Waterville, 984 F.2d at 554 (emphasis added).
We similarly conclude that commercial reasonableness is not, under CERCLA, a requirement before § 9601(20)(A) becomes applicable.
Accordingly, the judgment is
1. The Cains and the Andersons have since settled with the government. The government also has obtained an entry of default against Otto Skipper. The McLambs and IMC thus remain the only parties still seeking contribution from Wachovia.
2. The McLambs and IMC conceded during the proceedings below that their state law claims for fraud, negligent misrepresentation, and contribution were barred by the applicable statute of limitations. The district court also granted Wachovia's motion to dismiss the breach of implied warranty claim.

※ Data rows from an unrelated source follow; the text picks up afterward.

(* For all finite multisets $\Gamma,\Delta$ of S4 formulas and all S4 formulas $A,B$: if $\mathrm{G3s}\vdash \Gamma\supset\Delta,\Box A,\Box B$ and $\mathrm{G3s}\vdash\Gamma\supset\Delta,\Box(A\to B),\Box B$, then $\mathrm{G3s}\vdash\Gamma\supset\Delta,\Box B$.
   Context: S4 formulas: $A ::= \bot \mid P \mid A_0\to A_1 \mid \Box A$ ($P$ atomic). Sequents $\Gamma\supset\Delta$ use finite multisets; $\Box\Gamma:=\{\Box C\mid C\in\Gamma\}$. G3s rules: (Ax) $P,\Gamma\supset\Delta,P$ ($P$ atomic); $(\bot\supset)$ $\bot,\Gamma\supset\Delta$; $(\to\supset)$ from $\Gamma\supset\Delta,A$ and $B,\Gamma\supset\Delta$ infer $A\to B,\Gamma\supset\Delta$; $(\supset\to)$ from $A,\Gamma\supset\Delta,B$ infer $\Gamma\supset\Delta,A\to B$; $(\Box\supset)$ from $A,\Box A,\Gamma\supset\Delta$ infer $\Box A,\Gamma\supset\Delta$; $(\supset\Box)$ from $\Box\Gamma\supset A$ infer $\Gamma',\Box\Gamma\supset\Delta',\Box A$. *)

(* Multisets of formulas are represented by lists, taken up to
   permutation: every rule's conclusion is stated modulo Permutation, so
   derivability is a predicate on multisets. *)
From Stdlib Require Import List Permutation.
Import ListNotations.

Inductive form : Type :=
| Bot : form
| Var : nat -> form
| Imp : form -> form -> form
| Box : form -> form.

Definition boxes (G : list form) : list form := map Box G.

Inductive G3s : list form -> list form -> Prop :=
| G3s_Ax : forall p G D G' D',
    Permutation G' (Var p :: G) -> Permutation D' (Var p :: D) ->
    G3s G' D'
| G3s_BotL : forall G D G',
    Permutation G' (Bot :: G) -> G3s G' D
| G3s_ImpL : forall A B G D G',
    G3s G (A :: D) -> G3s (B :: G) D ->
    Permutation G' (Imp A B :: G) -> G3s G' D
| G3s_ImpR : forall A B G D D',
    G3s (A :: G) (B :: D) ->
    Permutation D' (Imp A B :: D) -> G3s G D'
| G3s_BoxL : forall A G D G',
    G3s (A :: Box A :: G) D ->
    Permutation G' (Box A :: G) -> G3s G' D
| G3s_BoxR : forall A G Gw Dw G' D',
    G3s (boxes G) [A] ->
    Permutation G' (Gw ++ boxes G) -> Permutation D' (Box A :: Dw) ->
    G3s G' D'.
Lemma ppl_rec_4n m : ppl_rec (4 * m) = minn (ppl_tm m) (ppl_tm m.+1 + 1).
Proof. by rewrite -[4 * m]addn0 ppl_rec_4adic // addn0. Qed.

Lemma ppl_rec_4n1 m : ppl_rec (4 * m + 1) = minn (ppl_tm m + 1) (ppl_tm m.+1 + 2).
Proof. exact: ppl_rec_4adic. Qed.

Lemma ppl_rec_4n2 m : ppl_rec (4 * m + 2) = minn (ppl_tm m + 2) (ppl_tm m.+1 + 2).
Proof. exact: ppl_rec_4adic. Qed.

Lemma ppl_rec_4n3 m : ppl_rec (4 * m + 3) = minn (ppl_tm m + 2) (ppl_tm m.+1 + 1).
Proof. exact: ppl_rec_4adic. Qed.

Lemma ppl_tm_le_rec n : ppl_tm n <= ppl_rec n.
Proof.
rewrite (divn_eq n 4) mulnC; have : n %% 4 < 4 by rewrite ltn_mod.
set m := n %/ 4; have f0 := ppl_tm_4n_le m; have f0' := prefix_ppl_pred tm m.
have [f1 f2 f3] := ppl_tm_le_lower_block m; have [g1 g2 g3] := ppl_tm_le_upper_block m.
case: (n %% 4) => [|[|[|[|r]]]] // _.
- by rewrite addn0 ppl_rec_4n; lia.
- by rewrite ppl_rec_4n1; lia.
- by rewrite ppl_rec_4n2; lia.
- by rewrite ppl_rec_4n3; lia.
Qed.

Lemma ppl_rec_succ a : ppl_rec a.+1 <= ppl_rec a + 1.
Proof.
rewrite (divn_eq a 4) mulnC; have : a %% 4 < 4 by rewrite ltn_mod.
set m := a %/ 4; have fS := prefix_pplS tm m.
case: (a %% 4) => [|[|[|[|r]]]] // _.
- by rewrite addn0 -[(4 * m).+1]addn1 ppl_rec_4n ppl_rec_4n1; lia.
- by rewrite -addnS ppl_rec_4n1 ppl_rec_4n2; lia.
- by rewrite -addnS ppl_rec_4n2 ppl_rec_4n3; lia.
- have -> : (4 * m + 3).+1 = 4 * m.+1 by lia.
  by rewrite ppl_rec_4n3 ppl_rec_4n; lia.
Qed.

Lemma ppl_rec_palseg3 a : palseg tm a (a + 3) -> ppl_rec (a + 3) <= ppl_rec a + 1.
Proof.
move=> hp; have : tm a = tm (a + 2) by apply: (palseg_sym hp); lia.
rewrite (divn_eq a 4) mulnC; have : a %% 4 < 4 by rewrite ltn_mod.
set m := a %/ 4; have fS := prefix_pplS tm m; have fS' := prefix_pplS tm m.+1.
case: (a %% 4) => [|[|[|[|r]]]] // _.
- by rewrite addn0 tm_4n tm_4n2; case: (tm m).
- by rewrite -addnA tm_4n1 tm_4n3; case: (tm m).
- rewrite (_ : 4 * m + 2 + 3 = 4 * m.+1 + 1); last lia.
  by rewrite ppl_rec_4n2 ppl_rec_4n1; lia.
- rewrite (_ : 4 * m + 3 + 3 = 4 * m.+1 + 2); last lia.
  by rewrite ppl_rec_4n3 ppl_rec_4n2; lia.
Qed.

Lemma ppl_rec_palseg_centre0 x y s : s < 4 -> x < y -> palseg tm (4 * x + s) (4 * y - s) ->
  ppl_rec (4 * y - s) <= ppl_rec (4 * x + s) + 1.
Proof.
move=> s_lt4 xy hp; have hxy := palseg_lift s_lt4 hp.
case: y xy hp hxy => [|y] // xy hp hxy.
have F1 : ppl_tm y.+1 <= ppl_tm x + 1 by apply: prefix_ppl_palseg => //; lia.
have F2 : ppl_tm y <= ppl_tm x.+1 + 1.
  have [y_x|ne_yx] := eqVneq y x; first by subst y; apply: prefix_ppl_pred.
  have := palseg_shrink (k := 1) hxy; rewrite addn1 subn1 /= => hp'.
  by apply: prefix_ppl_palseg hp'; lia.
have F3 := prefix_pplS tm y.
case: s s_lt4 hp => [|[|[|[|s]]]] // _ _.
- by rewrite subn0 addn0 !ppl_rec_4n; lia.
- rewrite (_ : 4 * y.+1 - 1 = 4 * y + 3); last lia.
  by rewrite ppl_rec_4n3 ppl_rec_4n1; lia.
- rewrite (_ : 4 * y.+1 - 2 = 4 * y + 2); last lia.
  by rewrite !ppl_rec_4n2; lia.
- rewrite (_ : 4 * y.+1 - 3 = 4 * y + 1); last lia.
  by rewrite ppl_rec_4n1 ppl_rec_4n3; lia.
Qed.

(* For [h >= 7], with [i = p + 2], it would force [t[p, p+5)] to be a palindrome. *)
Lemma palseg_centre2_le6 i h : h <= 4 * i + 2 ->
  palseg tm (4 * i + 2 - h) (4 * i + 2 + h) -> h <= 6.
Proof.
move=> h_le hp; rewrite leqNgt; apply/negP => h_gt6.
have [p iE] : exists p, i = p.+2 by exists i.-2; lia.
subst i; have tm_p13 : tm p.+1 = tm p.+3.
  have := palseg_sym (q := 4 * p.+1 + 3) (q' := 4 * p.+3) hp.
  by rewrite tm_4n3 tm_4n; apply; lia.
have tm_p04 : tm p = tm (p + 4).
  have := palseg_sym (q := 4 * p + 3) (q' := 4 * (p + 4)) hp.
  by rewrite tm_4n3 tm_4n; apply; lia.
case: (no_palseg5 (q := p)); apply: palseg_half => q pq q_half.
have [->|->] : q = p \/ q = p.+1 by lia.
  by rewrite tm_p04; congr tm; lia.
by rewrite tm_p13; congr tm; lia.
Qed.

Lemma ppl_rec_palseg_centre2 i h : 0 < h <= 4 * i + 2 ->
  palseg tm (4 * i + 2 - h) (4 * i + 2 + h) ->
  ppl_rec (4 * i + 2 + h) <= ppl_rec (4 * i + 2 - h) + 1.
Proof.
move=> /andP [h_gt0 h_le] hp; have := palseg_centre2_le6 h_le hp.
case: h h_gt0 h_le hp => [|[|[|h]]] // _ h_le hp h_le6.
- rewrite (_ : 4 * i + 2 - 1 = 4 * i + 1); last lia.
  rewrite (_ : 4 * i + 2 + 1 = 4 * i + 3); last lia.
  by rewrite ppl_rec_4n1 ppl_rec_4n3; lia.
- rewrite (_ : 4 * i + 2 - 2 = 4 * i); last lia.
  rewrite (_ : 4 * i + 2 + 2 = 4 * i.+1); last lia.
  by rewrite !ppl_rec_4n; have := prefix_pplS tm i; lia.
case: i h_le hp => [|p] h_le hp; first lia.
have hp3 : palseg tm p (p + 3).
  apply: palseg_half => q pq q_half; have -> : q = p by lia.
  have := palseg_sym (q := 4 * p + 3) (q' := 4 * p.+2) hp.
  by rewrite tm_4n3 tm_4n (_ : p + (p + 3) - 1 - p = p.+2); [apply; lia | lia].
have F := prefix_ppl_palseg (leq_addr 3 p) hp3; rewrite addn3 in F.
have := prefix_pplS tm p; have := prefix_pplS tm p.+1; have := prefix_pplS tm p.+2.
case: h h_le hp h_le6 => [|[|[|[|h]]]] // h_le hp _.
- rewrite (_ : 4 * p.+1 + 2 - 3 = 4 * p + 3); last lia.
  rewrite (_ : 4 * p.+1 + 2 + 3 = 4 * p.+2 + 1); last lia.
  by rewrite ppl_rec_4n3 ppl_rec_4n1; lia.
- rewrite (_ : 4 * p.+1 + 2 - 4 = 4 * p + 2); last lia.
  rewrite (_ : 4 * p.+1 + 2 + 4 = 4 * p.+2 + 2); last lia.
  by rewrite !ppl_rec_4n2; lia.
- rewrite (_ : 4 * p.+1 + 2 - 5 = 4 * p + 1); last lia.
  rewrite (_ : 4 * p.+1 + 2 + 5 = 4 * p.+2 + 3); last lia.
  by rewrite ppl_rec_4n1 ppl_rec_4n3; lia.
- rewrite (_ : 4 * p.+1 + 2 - 6 = 4 * p); last lia.
  rewrite (_ : 4 * p.+1 + 2 + 6 = 4 * p.+3); last lia.
  by rewrite !ppl_rec_4n; lia.
Qed.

3. Wachovia states that other individuals also showed an interest in buying the property but were unable to consummate a purchase. Apparently, the Cains and the McLambs were the first prospective buyers able to consummate a deal.
4. During the development, the Andersons acquired the Cains' undivided half interest in the property. The McLambs and Andersons then transferred their interests to the newly formed company and party to the instant appeal, IMC.
5. Section 9613(f)(1) states in pertinent part: Any person may seek contribution from any other person who is liable or potentially liable under section 9607(a) of this title, during or following any civil action under 9606 of this title or under section 9607(a) of this title.
6. We also note that the district court in Maryland Trust, a case cited by the appellants, was not confronted with the same circumstances that we address in the instant case. In Maryland Trust the court concluded that the security interest exemption "does not apply to former mortgagees currently holding title after purchasing the property at a foreclosure sale, at least when, as here, the former mortgagee has held title for nearly four years, and a full year before the EPA clean-up ." Maryland Trust, 632 F. Supp. at 579 (emphasis added). In addition, the district court in Maryland Trust explicitly stated that "because [the former mortgagee] has held the property for such an extended period of time, this Court need not consider the issue of whether a secured party which purchased the property at a foreclosure sale and then promptly resold it would be precluded from asserting" the exemption. Id. at 579 n.5. By contrast, Wachovia promptly resold, following the foreclosure, the 217 acres.
7. Also providing support for our position are United States v. Mirabile, 15 Envtl. L. Rep. 20,992, 20,996 (E.D. Pa. 1985) and In re T.P. Long Chemical, Inc., 45 Bankr. 278, 288-89 (Bankr. N.D. Ohio 1985).
8. We note that the EPA's regulation is currently being challenged in the D.C. Circuit. Michigan v. EPA, No. 92-1312 (D.C. 1992); Chemical Mfrs. Ass'n v. EPA, No. 92-1314 (D.C. Cir. 1992).